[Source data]
========================================
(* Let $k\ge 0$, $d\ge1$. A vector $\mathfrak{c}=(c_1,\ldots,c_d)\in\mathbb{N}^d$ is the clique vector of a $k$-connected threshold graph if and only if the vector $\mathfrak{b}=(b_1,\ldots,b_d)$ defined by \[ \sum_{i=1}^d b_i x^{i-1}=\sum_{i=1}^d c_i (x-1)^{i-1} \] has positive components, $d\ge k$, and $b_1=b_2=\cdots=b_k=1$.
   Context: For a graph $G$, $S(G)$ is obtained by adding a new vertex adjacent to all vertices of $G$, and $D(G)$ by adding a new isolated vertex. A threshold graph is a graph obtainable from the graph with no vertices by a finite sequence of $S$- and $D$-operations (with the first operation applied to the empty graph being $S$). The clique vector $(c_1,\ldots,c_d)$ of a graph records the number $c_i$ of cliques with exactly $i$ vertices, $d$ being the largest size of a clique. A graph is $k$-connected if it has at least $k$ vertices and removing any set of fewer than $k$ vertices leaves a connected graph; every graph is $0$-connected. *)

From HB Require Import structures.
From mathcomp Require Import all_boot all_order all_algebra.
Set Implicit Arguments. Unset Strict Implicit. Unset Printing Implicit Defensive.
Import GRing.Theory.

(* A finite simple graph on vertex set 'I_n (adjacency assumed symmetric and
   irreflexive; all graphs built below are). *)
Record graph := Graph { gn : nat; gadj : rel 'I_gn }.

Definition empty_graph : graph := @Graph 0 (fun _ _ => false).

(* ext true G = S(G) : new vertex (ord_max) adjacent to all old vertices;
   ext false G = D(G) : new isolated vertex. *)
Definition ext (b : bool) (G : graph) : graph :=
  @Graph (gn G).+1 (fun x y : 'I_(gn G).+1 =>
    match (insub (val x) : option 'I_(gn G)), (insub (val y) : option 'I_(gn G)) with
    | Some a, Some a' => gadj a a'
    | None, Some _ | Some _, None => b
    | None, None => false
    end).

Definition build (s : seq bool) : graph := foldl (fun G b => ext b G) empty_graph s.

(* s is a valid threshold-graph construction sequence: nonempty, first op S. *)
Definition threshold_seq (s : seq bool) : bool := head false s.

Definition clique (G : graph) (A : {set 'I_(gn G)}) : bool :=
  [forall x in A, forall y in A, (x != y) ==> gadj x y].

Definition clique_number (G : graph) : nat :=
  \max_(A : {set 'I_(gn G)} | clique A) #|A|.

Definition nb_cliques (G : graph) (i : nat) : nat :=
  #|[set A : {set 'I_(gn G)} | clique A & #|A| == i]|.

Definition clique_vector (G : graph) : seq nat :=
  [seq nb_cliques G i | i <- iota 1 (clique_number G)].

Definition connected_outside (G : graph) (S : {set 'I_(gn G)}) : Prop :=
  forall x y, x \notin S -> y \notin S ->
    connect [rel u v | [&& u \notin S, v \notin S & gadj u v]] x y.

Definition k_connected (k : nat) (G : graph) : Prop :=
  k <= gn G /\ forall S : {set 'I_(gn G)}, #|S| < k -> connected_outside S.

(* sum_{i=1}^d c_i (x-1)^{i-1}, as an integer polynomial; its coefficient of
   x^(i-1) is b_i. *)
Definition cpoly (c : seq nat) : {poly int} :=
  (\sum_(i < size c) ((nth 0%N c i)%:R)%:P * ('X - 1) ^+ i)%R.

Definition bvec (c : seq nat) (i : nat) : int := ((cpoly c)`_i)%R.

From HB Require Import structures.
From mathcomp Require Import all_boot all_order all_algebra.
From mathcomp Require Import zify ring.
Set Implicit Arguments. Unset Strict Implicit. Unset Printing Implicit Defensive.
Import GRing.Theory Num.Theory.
========================================
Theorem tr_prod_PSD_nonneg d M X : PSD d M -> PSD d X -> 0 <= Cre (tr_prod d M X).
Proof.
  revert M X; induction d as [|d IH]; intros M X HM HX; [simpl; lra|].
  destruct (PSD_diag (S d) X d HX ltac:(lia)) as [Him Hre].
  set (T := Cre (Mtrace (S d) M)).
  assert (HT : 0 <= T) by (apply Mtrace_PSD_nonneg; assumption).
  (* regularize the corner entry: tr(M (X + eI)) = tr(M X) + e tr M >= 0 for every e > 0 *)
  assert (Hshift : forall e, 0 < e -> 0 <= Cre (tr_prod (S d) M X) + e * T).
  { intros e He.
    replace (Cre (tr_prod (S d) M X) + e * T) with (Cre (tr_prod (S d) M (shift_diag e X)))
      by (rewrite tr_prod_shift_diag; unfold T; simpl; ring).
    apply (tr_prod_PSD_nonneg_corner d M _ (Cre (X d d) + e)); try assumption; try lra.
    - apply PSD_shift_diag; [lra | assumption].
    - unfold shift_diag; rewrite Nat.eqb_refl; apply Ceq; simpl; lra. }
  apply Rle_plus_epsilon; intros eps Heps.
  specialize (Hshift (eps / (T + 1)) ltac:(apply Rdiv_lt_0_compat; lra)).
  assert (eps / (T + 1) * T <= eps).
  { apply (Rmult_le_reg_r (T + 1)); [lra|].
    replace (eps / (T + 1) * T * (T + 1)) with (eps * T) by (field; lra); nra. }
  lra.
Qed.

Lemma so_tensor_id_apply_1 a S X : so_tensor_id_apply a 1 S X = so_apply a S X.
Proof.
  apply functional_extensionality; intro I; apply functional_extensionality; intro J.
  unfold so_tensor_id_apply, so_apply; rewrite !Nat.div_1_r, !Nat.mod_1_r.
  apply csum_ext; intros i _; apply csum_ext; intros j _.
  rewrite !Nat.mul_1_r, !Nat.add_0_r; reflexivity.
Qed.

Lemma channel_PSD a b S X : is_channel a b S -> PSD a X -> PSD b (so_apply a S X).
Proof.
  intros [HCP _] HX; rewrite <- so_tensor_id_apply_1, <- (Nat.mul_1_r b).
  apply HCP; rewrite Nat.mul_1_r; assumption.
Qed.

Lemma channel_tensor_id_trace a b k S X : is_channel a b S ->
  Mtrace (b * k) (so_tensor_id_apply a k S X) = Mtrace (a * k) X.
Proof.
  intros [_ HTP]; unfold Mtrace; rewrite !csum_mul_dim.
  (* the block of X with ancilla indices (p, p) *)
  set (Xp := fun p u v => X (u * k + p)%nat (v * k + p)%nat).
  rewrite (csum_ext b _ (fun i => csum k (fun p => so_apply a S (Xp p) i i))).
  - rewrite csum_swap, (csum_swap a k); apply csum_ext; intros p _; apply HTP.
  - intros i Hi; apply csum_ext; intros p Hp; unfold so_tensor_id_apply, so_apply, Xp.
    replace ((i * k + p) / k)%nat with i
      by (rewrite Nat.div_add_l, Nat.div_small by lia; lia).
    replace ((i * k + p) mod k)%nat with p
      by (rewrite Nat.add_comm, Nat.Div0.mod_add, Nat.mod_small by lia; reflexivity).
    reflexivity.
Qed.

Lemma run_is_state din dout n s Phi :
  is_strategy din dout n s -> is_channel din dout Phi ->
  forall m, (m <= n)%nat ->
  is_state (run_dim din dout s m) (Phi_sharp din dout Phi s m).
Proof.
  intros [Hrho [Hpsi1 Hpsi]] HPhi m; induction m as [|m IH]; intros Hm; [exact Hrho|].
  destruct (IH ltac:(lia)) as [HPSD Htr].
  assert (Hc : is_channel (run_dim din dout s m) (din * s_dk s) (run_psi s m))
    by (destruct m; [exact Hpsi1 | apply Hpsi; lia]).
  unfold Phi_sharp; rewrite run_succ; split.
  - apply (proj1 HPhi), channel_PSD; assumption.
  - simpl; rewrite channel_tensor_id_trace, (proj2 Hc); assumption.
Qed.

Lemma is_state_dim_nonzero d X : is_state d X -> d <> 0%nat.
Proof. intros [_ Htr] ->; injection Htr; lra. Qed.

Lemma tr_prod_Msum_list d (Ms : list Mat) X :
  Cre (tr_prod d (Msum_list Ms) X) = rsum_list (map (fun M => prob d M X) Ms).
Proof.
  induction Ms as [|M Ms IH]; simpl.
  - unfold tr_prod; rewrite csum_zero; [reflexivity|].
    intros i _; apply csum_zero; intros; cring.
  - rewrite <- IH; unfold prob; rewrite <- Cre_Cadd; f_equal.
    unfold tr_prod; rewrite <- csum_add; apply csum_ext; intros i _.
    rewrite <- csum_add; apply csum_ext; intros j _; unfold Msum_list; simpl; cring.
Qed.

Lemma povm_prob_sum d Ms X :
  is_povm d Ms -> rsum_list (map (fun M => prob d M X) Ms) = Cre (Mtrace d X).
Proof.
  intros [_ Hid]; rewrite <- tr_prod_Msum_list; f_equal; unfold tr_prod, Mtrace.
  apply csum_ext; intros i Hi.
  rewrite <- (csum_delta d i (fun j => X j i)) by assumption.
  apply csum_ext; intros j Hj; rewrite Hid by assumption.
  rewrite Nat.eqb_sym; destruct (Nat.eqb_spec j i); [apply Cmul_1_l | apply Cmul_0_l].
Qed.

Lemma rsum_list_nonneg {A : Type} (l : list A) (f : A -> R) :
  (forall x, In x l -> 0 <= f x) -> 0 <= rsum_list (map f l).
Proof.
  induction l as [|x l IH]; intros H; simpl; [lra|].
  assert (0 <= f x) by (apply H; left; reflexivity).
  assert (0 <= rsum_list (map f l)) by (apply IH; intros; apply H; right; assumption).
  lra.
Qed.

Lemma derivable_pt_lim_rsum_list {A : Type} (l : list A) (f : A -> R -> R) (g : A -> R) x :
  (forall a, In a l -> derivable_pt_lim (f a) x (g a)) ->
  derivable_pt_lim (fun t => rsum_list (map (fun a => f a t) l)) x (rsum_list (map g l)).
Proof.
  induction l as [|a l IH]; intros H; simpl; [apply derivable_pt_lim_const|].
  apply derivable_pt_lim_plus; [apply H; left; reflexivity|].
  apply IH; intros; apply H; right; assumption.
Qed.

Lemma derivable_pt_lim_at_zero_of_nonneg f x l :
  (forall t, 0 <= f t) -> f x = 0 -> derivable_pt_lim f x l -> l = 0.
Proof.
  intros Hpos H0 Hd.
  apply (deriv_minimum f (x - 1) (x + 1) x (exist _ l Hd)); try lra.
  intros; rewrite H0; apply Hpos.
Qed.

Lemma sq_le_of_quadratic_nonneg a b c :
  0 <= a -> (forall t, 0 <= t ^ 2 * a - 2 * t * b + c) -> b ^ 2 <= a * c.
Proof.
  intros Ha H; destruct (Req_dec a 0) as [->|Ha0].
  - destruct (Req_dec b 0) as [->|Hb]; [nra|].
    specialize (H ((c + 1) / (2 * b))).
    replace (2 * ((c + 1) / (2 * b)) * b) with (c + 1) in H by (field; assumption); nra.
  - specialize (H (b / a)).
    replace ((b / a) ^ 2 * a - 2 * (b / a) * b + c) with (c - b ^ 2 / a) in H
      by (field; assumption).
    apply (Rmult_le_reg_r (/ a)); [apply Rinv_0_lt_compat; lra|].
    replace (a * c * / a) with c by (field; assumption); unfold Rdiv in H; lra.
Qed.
========================================
§ Work item: Every line that holds the word "reflexivity" should be copied from the records above.

§ Reply:
  rewrite !Nat.mul_1_r, !Nat.add_0_r; reflexivity.
      by (rewrite Nat.add_comm, Nat.Div0.mod_add, Nat.mod_small by lia; reflexivity).
    reflexivity.
  - unfold tr_prod; rewrite csum_zero; [reflexivity|].
  assert (0 <= f x) by (apply H; left; reflexivity).
  apply derivable_pt_lim_plus; [apply H; left; reflexivity|].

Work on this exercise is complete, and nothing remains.